What is needed =
In the listing below, a line holding "Proof. by rewrite /jacobian3" and a line holding "Hypothesis delta_mul : forall" mark the range. Retype both exactly, with all lines between them.

--- Records provided Enclosed Below ---

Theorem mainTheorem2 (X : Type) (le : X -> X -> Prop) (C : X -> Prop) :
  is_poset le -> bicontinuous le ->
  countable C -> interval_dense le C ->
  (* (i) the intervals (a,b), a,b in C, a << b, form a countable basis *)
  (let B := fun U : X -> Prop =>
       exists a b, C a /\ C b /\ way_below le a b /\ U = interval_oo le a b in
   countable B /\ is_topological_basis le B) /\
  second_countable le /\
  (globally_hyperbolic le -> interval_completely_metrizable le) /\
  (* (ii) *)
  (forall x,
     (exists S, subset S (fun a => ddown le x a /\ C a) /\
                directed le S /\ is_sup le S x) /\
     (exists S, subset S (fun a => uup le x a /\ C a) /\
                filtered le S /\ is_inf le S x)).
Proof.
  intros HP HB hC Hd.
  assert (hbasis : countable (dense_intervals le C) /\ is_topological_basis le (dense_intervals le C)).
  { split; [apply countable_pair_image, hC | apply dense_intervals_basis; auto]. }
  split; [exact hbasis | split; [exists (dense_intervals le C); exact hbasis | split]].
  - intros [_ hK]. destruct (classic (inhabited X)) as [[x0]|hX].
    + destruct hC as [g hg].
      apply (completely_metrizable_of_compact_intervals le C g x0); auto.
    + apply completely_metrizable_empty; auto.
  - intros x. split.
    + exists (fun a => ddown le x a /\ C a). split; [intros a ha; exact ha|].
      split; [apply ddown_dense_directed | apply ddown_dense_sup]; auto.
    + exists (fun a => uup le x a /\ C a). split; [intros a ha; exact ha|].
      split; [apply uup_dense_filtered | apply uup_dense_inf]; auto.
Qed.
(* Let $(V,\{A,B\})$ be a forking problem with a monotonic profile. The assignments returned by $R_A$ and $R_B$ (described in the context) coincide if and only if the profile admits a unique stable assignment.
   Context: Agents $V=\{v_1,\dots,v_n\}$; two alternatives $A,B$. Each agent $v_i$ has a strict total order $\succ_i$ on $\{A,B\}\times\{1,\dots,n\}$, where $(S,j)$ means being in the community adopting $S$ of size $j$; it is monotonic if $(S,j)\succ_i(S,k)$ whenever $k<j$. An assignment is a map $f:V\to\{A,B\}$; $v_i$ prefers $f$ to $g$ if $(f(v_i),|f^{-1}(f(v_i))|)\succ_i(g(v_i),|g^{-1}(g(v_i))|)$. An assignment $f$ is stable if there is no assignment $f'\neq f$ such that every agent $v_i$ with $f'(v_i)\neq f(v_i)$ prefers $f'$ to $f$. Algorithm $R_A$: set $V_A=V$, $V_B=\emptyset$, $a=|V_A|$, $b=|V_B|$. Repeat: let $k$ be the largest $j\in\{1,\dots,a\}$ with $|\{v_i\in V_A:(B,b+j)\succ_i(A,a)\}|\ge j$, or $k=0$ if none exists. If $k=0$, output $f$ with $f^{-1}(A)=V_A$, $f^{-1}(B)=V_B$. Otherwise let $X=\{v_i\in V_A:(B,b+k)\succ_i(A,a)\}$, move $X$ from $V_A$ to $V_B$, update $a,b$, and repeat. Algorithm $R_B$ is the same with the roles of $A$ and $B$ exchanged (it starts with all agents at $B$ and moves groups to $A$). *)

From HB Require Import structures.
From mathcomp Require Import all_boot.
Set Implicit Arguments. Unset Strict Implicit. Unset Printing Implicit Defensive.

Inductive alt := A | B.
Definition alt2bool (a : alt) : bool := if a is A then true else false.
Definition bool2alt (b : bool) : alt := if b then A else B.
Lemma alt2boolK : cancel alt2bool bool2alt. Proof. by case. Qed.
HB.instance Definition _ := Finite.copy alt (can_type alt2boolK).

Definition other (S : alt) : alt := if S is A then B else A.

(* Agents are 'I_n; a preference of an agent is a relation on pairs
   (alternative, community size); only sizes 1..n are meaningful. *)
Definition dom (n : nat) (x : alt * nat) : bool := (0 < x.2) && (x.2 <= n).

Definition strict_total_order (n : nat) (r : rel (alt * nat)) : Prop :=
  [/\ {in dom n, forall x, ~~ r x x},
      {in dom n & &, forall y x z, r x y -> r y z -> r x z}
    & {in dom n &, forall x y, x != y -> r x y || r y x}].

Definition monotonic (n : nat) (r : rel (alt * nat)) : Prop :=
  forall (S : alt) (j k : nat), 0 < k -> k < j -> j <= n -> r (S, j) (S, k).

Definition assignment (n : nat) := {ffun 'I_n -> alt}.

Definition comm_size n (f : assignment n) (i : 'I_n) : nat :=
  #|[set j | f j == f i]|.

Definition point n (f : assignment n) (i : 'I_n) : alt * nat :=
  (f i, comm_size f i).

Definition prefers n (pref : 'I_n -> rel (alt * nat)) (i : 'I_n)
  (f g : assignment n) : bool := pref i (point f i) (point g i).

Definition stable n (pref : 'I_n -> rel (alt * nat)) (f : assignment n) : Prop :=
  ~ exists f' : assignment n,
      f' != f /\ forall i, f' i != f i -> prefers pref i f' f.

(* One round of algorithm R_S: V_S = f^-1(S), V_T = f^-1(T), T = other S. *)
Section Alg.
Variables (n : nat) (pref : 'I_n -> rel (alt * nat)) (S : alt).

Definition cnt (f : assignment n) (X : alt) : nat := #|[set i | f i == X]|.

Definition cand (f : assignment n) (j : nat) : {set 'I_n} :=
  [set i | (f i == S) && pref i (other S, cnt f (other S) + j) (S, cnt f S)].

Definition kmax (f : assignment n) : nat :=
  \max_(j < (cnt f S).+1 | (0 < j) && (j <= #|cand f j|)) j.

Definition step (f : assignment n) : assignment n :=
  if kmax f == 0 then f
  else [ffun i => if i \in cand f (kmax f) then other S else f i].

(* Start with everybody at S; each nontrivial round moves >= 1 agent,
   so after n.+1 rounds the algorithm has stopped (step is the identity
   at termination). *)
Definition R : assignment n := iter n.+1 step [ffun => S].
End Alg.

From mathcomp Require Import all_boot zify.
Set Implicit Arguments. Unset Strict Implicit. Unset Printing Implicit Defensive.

--- End of Enclosed Records provided ---
--- Records provided Enclosed Below ---

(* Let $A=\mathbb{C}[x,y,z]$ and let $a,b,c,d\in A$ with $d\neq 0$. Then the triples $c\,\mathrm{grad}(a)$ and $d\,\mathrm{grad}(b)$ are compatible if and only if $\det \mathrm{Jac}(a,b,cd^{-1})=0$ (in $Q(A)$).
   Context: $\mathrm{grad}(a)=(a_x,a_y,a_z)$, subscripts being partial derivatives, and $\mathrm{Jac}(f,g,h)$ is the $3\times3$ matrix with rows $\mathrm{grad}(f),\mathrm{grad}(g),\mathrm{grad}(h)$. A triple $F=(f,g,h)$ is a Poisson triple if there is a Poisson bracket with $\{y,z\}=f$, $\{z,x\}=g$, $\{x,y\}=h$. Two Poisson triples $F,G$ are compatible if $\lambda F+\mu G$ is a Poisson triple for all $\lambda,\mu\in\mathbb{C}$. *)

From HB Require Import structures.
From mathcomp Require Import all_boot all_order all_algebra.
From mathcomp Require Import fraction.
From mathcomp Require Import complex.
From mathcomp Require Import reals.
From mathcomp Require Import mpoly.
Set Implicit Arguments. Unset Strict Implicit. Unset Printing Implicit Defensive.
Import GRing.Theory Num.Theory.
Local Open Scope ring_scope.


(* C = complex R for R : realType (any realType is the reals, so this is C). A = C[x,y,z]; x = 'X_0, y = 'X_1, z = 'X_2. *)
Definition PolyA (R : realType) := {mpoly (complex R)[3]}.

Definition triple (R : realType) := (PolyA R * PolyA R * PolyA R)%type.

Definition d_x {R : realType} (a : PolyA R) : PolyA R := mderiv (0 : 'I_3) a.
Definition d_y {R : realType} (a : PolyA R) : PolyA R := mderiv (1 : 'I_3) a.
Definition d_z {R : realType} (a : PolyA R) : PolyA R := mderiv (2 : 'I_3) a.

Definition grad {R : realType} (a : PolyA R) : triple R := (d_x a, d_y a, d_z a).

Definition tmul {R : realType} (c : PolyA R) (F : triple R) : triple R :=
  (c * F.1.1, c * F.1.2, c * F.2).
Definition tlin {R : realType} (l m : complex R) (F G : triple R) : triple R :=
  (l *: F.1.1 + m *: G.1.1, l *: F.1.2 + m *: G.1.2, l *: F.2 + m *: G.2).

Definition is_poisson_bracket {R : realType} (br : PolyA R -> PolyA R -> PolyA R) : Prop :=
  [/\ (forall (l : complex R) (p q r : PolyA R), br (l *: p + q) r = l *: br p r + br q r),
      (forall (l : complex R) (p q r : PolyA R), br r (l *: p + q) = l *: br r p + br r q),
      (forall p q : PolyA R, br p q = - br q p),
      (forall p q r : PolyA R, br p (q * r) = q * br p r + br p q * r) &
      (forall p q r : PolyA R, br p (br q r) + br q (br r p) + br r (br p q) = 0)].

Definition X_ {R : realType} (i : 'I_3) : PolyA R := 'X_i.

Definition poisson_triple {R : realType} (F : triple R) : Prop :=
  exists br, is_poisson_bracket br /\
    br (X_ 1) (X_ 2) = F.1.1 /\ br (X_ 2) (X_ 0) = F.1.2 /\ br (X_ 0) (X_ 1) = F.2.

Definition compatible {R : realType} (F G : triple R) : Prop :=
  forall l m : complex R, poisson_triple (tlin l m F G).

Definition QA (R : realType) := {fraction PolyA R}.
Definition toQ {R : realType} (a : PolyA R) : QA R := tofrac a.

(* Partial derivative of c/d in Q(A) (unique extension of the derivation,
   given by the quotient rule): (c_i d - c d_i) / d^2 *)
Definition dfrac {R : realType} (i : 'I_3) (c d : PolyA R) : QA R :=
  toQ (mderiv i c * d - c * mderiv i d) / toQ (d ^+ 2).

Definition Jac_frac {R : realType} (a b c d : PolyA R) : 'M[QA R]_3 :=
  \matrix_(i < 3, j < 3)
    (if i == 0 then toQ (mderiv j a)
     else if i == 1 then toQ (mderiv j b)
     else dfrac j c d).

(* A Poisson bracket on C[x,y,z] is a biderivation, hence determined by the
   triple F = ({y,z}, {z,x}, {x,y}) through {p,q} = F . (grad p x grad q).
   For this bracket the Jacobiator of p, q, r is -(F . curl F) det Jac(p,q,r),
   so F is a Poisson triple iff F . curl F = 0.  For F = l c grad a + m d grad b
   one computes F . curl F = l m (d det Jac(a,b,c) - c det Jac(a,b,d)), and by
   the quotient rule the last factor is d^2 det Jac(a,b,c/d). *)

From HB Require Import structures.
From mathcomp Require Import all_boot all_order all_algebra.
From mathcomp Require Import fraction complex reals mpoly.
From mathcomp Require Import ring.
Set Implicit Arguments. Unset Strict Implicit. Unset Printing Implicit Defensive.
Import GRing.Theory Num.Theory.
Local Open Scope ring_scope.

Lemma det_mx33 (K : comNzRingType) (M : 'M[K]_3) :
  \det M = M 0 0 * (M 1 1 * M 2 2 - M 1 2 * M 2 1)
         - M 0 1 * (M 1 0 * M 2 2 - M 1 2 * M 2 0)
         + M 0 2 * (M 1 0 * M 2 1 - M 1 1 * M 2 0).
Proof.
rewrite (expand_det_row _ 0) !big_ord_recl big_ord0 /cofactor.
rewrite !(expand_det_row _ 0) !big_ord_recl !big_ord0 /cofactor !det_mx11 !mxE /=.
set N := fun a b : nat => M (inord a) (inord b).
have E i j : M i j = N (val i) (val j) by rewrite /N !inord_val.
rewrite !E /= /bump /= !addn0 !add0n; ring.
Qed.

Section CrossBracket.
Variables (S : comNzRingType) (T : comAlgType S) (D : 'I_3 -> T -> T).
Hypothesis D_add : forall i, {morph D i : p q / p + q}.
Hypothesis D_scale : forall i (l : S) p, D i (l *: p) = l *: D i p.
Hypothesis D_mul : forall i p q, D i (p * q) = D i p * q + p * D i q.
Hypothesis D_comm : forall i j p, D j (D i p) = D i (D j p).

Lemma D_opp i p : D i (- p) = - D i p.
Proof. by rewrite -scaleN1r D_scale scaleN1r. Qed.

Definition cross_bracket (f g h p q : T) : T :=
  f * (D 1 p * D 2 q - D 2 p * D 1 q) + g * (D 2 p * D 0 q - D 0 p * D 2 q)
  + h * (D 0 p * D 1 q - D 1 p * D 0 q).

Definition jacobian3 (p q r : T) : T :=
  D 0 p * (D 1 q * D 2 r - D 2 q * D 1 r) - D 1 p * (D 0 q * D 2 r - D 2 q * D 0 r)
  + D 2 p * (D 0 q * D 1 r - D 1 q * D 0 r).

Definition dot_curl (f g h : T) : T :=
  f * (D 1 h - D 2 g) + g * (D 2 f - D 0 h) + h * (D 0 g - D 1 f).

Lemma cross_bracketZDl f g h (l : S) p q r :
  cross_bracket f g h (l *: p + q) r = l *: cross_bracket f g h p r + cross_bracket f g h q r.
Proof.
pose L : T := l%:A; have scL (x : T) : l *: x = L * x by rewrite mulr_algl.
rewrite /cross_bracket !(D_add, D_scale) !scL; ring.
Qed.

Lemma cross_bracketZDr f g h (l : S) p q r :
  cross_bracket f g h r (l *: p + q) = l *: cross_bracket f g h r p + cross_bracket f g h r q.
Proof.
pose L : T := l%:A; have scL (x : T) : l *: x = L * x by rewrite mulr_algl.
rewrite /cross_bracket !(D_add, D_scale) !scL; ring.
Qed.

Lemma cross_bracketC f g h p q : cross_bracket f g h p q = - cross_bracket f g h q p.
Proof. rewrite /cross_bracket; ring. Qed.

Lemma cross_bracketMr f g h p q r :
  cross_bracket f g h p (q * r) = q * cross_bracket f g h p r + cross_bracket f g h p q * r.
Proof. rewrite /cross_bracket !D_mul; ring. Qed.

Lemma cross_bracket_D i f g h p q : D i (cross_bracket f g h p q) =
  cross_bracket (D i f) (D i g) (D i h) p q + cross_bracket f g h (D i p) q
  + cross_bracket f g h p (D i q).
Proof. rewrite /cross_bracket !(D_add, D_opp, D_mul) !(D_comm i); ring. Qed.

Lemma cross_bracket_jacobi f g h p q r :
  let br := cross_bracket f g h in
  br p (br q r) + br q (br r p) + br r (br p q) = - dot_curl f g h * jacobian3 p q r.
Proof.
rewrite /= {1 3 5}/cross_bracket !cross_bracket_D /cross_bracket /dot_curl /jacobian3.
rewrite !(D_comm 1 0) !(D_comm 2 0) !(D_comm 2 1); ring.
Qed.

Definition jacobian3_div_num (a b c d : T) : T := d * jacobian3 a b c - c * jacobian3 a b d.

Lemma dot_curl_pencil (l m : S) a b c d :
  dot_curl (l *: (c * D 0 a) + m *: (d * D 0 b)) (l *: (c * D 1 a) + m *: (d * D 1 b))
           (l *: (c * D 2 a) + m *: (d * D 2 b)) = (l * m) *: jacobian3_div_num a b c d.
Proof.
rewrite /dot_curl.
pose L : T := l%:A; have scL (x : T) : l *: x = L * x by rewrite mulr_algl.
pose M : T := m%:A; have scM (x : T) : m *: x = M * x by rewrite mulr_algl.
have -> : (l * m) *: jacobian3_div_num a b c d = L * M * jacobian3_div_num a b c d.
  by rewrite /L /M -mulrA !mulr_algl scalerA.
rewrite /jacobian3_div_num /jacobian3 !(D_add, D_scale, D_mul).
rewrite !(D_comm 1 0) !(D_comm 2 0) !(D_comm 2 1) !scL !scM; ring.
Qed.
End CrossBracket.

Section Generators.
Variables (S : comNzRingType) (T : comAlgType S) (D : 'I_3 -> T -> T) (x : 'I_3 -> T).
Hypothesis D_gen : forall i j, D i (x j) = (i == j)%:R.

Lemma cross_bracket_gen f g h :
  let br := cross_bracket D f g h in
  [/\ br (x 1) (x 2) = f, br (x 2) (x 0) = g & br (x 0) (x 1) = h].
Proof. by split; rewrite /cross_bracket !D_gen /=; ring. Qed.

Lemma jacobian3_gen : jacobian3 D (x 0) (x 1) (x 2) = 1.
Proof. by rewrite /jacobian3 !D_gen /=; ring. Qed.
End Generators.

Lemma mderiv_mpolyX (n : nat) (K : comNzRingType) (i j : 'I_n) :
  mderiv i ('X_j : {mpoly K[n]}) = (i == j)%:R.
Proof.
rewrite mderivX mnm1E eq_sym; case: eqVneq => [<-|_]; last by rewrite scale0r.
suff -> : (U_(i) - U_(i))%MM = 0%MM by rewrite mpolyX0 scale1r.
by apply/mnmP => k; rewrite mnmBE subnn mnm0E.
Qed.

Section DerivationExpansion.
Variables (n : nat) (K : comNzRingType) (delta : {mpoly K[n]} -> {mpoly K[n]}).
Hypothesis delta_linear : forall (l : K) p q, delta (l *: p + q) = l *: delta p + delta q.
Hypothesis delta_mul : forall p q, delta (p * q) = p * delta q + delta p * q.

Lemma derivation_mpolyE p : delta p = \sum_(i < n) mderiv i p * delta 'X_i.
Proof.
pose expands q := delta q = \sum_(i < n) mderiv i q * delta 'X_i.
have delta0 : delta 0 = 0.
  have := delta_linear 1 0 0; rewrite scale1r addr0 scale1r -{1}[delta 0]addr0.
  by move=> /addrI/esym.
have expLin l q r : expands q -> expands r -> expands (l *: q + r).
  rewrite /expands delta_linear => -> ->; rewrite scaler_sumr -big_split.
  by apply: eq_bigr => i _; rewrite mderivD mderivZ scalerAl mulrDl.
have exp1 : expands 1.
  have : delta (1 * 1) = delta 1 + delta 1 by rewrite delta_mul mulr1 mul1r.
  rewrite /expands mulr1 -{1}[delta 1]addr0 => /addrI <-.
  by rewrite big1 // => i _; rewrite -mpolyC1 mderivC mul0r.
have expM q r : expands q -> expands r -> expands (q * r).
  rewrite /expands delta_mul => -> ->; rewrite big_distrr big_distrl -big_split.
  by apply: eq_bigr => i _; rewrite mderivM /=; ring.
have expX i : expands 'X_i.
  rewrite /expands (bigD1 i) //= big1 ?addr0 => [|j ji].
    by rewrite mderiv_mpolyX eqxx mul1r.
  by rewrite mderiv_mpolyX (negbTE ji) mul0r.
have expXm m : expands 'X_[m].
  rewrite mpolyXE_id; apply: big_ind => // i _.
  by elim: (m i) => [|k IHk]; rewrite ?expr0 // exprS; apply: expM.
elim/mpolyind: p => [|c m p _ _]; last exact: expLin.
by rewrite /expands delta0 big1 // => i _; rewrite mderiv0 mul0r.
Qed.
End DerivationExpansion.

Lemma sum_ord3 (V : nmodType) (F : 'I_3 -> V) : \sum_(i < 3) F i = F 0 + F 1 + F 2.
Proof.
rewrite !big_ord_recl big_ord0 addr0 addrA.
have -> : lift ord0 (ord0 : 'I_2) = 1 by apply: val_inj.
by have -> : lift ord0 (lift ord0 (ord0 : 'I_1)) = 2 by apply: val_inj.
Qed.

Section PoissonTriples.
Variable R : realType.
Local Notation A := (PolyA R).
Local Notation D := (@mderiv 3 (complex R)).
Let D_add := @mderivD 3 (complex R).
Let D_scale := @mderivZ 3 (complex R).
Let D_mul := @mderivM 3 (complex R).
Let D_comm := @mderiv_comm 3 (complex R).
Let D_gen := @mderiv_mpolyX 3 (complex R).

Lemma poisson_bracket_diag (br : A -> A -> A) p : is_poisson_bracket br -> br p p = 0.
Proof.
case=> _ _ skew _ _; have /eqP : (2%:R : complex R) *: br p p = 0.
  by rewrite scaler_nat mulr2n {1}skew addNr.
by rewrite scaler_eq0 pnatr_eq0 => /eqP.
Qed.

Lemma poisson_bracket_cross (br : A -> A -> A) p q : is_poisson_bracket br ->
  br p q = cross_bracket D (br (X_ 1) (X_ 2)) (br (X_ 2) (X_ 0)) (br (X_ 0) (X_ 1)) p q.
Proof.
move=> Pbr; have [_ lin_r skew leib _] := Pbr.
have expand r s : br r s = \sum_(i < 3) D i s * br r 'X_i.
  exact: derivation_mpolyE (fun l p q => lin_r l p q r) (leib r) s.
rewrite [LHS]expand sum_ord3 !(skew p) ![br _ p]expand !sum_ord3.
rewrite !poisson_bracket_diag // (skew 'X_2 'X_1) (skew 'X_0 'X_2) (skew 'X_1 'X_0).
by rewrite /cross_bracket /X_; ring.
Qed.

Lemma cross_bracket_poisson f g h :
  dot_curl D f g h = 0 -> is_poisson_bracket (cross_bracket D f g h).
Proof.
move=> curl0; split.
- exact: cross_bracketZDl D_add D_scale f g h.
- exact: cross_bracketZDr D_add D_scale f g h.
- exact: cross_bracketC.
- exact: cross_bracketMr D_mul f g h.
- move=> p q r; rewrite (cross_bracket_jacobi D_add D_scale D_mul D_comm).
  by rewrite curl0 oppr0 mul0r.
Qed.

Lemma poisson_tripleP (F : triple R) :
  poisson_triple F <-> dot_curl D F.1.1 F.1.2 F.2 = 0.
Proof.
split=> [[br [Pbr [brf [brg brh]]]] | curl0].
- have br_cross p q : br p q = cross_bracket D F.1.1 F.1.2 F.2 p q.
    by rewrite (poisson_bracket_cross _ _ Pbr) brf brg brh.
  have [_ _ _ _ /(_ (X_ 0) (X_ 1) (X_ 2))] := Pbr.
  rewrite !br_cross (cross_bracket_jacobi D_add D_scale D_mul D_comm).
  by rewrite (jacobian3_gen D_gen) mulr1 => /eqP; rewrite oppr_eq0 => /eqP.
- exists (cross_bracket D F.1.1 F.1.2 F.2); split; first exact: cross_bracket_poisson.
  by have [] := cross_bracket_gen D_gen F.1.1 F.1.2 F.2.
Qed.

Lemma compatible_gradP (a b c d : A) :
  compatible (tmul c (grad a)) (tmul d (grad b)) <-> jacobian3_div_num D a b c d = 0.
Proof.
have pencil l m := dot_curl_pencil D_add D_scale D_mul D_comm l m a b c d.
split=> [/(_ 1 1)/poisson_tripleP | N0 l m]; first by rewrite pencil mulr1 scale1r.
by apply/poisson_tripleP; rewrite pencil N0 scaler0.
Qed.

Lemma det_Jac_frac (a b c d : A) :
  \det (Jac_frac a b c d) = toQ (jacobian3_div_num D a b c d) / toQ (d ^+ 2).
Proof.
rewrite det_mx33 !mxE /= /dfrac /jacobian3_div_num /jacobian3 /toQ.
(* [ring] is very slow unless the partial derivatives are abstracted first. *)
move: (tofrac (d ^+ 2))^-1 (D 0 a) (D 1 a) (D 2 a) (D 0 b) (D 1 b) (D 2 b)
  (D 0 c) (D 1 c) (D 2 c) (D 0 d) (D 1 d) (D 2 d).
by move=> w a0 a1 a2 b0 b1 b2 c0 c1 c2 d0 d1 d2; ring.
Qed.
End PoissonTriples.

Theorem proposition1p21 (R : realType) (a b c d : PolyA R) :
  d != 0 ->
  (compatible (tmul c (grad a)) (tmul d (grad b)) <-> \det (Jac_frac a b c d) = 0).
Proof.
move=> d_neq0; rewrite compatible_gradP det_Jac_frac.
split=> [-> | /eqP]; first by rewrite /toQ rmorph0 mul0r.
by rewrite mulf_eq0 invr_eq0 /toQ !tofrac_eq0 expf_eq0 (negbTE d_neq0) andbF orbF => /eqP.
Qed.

--- End of Enclosed Records provided ---

Reply =
Proof. by rewrite /jacobian3 !D_gen /=; ring. Qed.
End Generators.

Lemma mderiv_mpolyX (n : nat) (K : comNzRingType) (i j : 'I_n) :
  mderiv i ('X_j : {mpoly K[n]}) = (i == j)%:R.
Proof.
rewrite mderivX mnm1E eq_sym; case: eqVneq => [<-|_]; last by rewrite scale0r.
suff -> : (U_(i) - U_(i))%MM = 0%MM by rewrite mpolyX0 scale1r.
by apply/mnmP => k; rewrite mnmBE subnn mnm0E.
Qed.

Section DerivationExpansion.
Variables (n : nat) (K : comNzRingType) (delta : {mpoly K[n]} -> {mpoly K[n]}).
Hypothesis delta_linear : forall (l : K) p q, delta (l *: p + q) = l *: delta p + delta q.
Hypothesis delta_mul : forall p q, delta (p * q) = p * delta q + delta p * q.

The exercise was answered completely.